Hayat, bu gerçeği acı bir şekilde doğruladı. Alevileri kendi “cellâdına” âşık
diye karalayan Kürt milliyetçi hareketinin bugün Suriye’de geldiği yer
bataklıktır. Bunda Kürt halkının bir günahı olamaz, kaldı ki hiçbir halk suçlu
olamaz.
Evet,
bu siyasetin mide bulandırdığını söylemiştik ve bu çevreler de onların peşinden
giden sol da ideolojik politik olarak mide bulandırıcı. Daha dün 8 Mart’ta
Diyarbakır mitinginde beyaz yazmalı Kürt analarının eline LGBT sloganlı döviz
verenler, önce kendi insanları tarafından eleştirilip yerden yere vuruldular.
Bugün gelinen aşamayı Kürtler görecektir.
Kürd’ün
solla, Filistin’le, yoksulla kesilen bağının devamında Suriye Alevileri var
fakat radikal demokrasi partisi, Alevileri yok sayıyor olmalı ya da onları “seçmen”

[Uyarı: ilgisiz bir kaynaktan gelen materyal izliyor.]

Lemma diagXM g h : diagX g *m diagX h = diagX (fun z => g z * h z).
Proof.
rewrite mxXM; apply: eq_mxX => z w; rewrite (bigD1 z) //= eqxx big1 ?addr0.
  by rewrite mul1r mulrCA.
by move=> u /negbTE zu; rewrite eq_sym zu !mul0r.
Qed.

Lemma in_alg_diagX_poly S g (p : {poly C}) :
  in_alg S (diagX g) -> in_alg S (diagX (fun z => p.[g z])).
Proof.
move=> Sg; elim/poly_ind: p => [|p c IHp].
  have -> : diagX (fun z => 0.[g z]) = 0.
    by rewrite -(mxX0 d); apply: eq_mxX => z w; rewrite horner0 mulr0.
  exact: in_alg0.
have -> : diagX (fun z => (p * 'X + c%:P).[g z]) =
          diagX (fun z => p.[g z]) *m diagX g + c *: 1%:M.
  rewrite diagXM -mxX1 mxXZ mxXD; apply: eq_mxX => z w.
  by rewrite hornerMXaddC mulrDr; case: eqP => _; rewrite ?mul0r ?mul1r ?mulr0 ?mulr1.
by apply: alg_add; [apply: alg_mul|apply/alg_scale/alg_one].
Qed.

Lemma indicator_poly (m : nat) (s : int) :
  exists p : {poly C}, forall k, (k <= m)%N -> p.[k%:R] = (k%:Z == s)%:R.
Proof.
pose r := [seq j <- iota 0 m.+1 | j%:Z != s].
pose c := \prod_(j <- r) (s%:~R - j%:R : C).
exists (c^-1 *: \prod_(j <- r) ('X - j%:R%:P)) => k le_km.
rewrite hornerZ horner_prod; under eq_bigr do rewrite hornerXsubC.
have [ks|ks] := eqVneq k%:Z s.
  rewrite /c -ks -pmulrn mulVf // prodf_seq_neq0; apply/allP => j.
  by rewrite /r mem_filter -ks => /andP[jk _]; rewrite subr_eq0 eqr_nat -eqz_nat eq_sym.
have kr : k \in r by rewrite mem_filter ks mem_iota.
by rewrite (big_rem _ kr) /= subrr mul0r mulr0.
Qed.

Lemma ones_le (z : X d) : (ones z <= d)%N.
Proof. by rewrite (leq_trans (max_card _)) ?card_ord. Qed.

Lemma twos_le (z : X d) : (twos z <= d)%N.
Proof. by rewrite (leq_trans (max_card _)) ?card_ord. Qed.

(* [E*_[s,t]] is a product of interpolation polynomials in the counting matrices,
   whose eigenvalues lie in [0, d]. *)
Lemma Estar_in_alg S s t :
  in_alg S (diagX (fun z => (ones z)%:R)) -> in_alg S (diagX (fun z => (twos z)%:R)) ->
  in_alg S (Estar d s t).
Proof.
have [p p_ind] := indicator_poly d s; have [q q_ind] := indicator_poly d t.
move=> /(in_alg_diagX_poly p) Sp /(in_alg_diagX_poly q) Sq.
suff -> : Estar d s t = diagX (fun z => p.[(ones z)%:R]) *m diagX (fun z => q.[(twos z)%:R]).
  exact: alg_mul.
rewrite diagXM; apply: eq_mxX => z w.
by rewrite p_ind ?ones_le // q_ind ?twos_le // -!natrM !mulnb andbA.
Qed.

Lemma sum_Estar (f : nat -> nat -> C) :
  \sum_(s < d.+1) \sum_(t < d.+1) f s t *: Estar d s t =
  diagX (fun z => f (ones z) (twos z)).
Proof.
under eq_bigr do under eq_bigr do rewrite mxXZ.
under eq_bigr do rewrite mxX_sum.
rewrite mxX_sum; apply: eq_mxX => z w.
rewrite (bigD1 (Ordinal (ones_le z : ones z < d.+1)%N)) //= [X in _ + X]big1 ?addr0.
  rewrite (bigD1 (Ordinal (twos_le z : twos z < d.+1)%N)) //= big1 ?addr0.
    by rewrite !eqxx !andbT mulrC.
  move=> t zt; rewrite !eqz_nat (_ : (twos z == t) = false) ?andbF ?mulr0 //.
  by apply: contraNF zt => /eqP zt; apply/eqP/val_inj.
move=> s zs; rewrite big1 // => t _.
rewrite eqz_nat (_ : (ones z == s) = false) ?andbF ?mulr0 //.
by apply: contraNF zs => /eqP zs; apply/eqP/val_inj.
Qed.

End DiagonalOperators.

Section TerwilligerAlgebra.
Variable d : nat.
Local Notation rep := (@gl3_rep d).
Local Notation LR := (@LRgens d).
Local Notation AE := (@AEgens d).
Implicit Types (S : MatX d -> Prop) (M : MatX d).

Lemma lie_closed_rep_alg S : lie_closed (fun x => in_alg S (rep x)).
Proof.
split=> [|x y|c x|x y] /=.
- by rewrite linear0; apply: in_alg0.
- by rewrite linearD; apply: alg_add.
- by rewrite linearZ; apply: alg_scale.
- by rewrite gl3_rep_br; apply: in_alg_br.
Qed.

Lemma lie_closed_rep_lie S : lie_closed (fun x => in_lie S (rep x)).
Proof.
split=> [|x y|c x|x y] /=.
- by rewrite linear0; apply: lie_zero.
- by rewrite linearD; apply: lie_add.
- by rewrite linearZ; apply: lie_scale.
- by rewrite gl3_rep_br; apply: lie_brk.
Qed.

Lemma rep_in_alg_of_sl3 S :
  (forall x, sl3 x -> in_alg S (rep x)) -> forall x, in_alg S (rep x).
Proof.
move=> Ssl3 x; pose c := \tr x / 3.
have -> : x = (x - c *: 1%:M) + c *: 1%:M by rewrite subrK.
rewrite linearD; apply: alg_add.
  apply: Ssl3; rewrite /sl3 mxtraceD raddfN /= mxtraceZ mxtrace1 divfK ?subrr //.
  by rewrite pnatr_eq0.
by rewrite linearZ /= gl3_rep1; do 2!apply: alg_scale; apply: alg_one.
Qed.

Lemma rep_in_alg_LR x : in_alg LR (rep x).
Proof.
apply: rep_in_alg_of_sl3 => {}x.
apply: (sl3_of_simple_roots (lie_closed_rep_alg LR)); apply: alg_gen.
- by left; rewrite L1_rep.
- by right; left; rewrite L2_rep.
- by right; right; left; rewrite R1_rep.
- by right; right; right; rewrite R2_rep.
Qed.

Lemma rep_in_alg_AE x : in_alg AE (rep x).
Proof.
apply: rep_in_alg_of_sl3 => {}x; apply: (sl3_of_shift3 (lie_closed_rep_alg AE)).
  by apply: alg_gen; left; rewrite adjA_rep.
rewrite twos_rep -(sum_Estar d (fun _ t => t%:R)).
apply: in_alg_sum => s; apply: in_alg_sum => t; apply/alg_scale/alg_gen.
by right; exists s, t.
Qed.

olarak gözden çıkardı ki Suriye’de yaşanan insani drama sessiz kalıyor. Bu
sessizlik, bu siyaseti tarihin tozlu raflarına kaldıracaktır.
Alevi
halkı da Filistin halkı da yalnız değildir.
Bugün “Esad kalıntıları”yla” mücadele ettiğini iddia eden emperyalist maşası çeteler
çocuklara saldırıyorlar. Bu kontrolsüz durumu Şara bile kabul ederken, Kürt
milliyetçisi siyasetin vites yükseltmesinin anlamı politik gericiliğinde
saklıdır.
Kaç
gündür bu siyasetin en önde gelenleri, son süreci eleştirenlerin ağzını
kapamasını bileceklerini söyleyerek tehditler savuruyor. Beyhude tehditler...
Tarih sizi yargılayacak.
Milliyetçiliğin
ve şoven yaklaşımın bir biçimi de ezilenin siyasetini yürütenlerin benmerkezciliğidir.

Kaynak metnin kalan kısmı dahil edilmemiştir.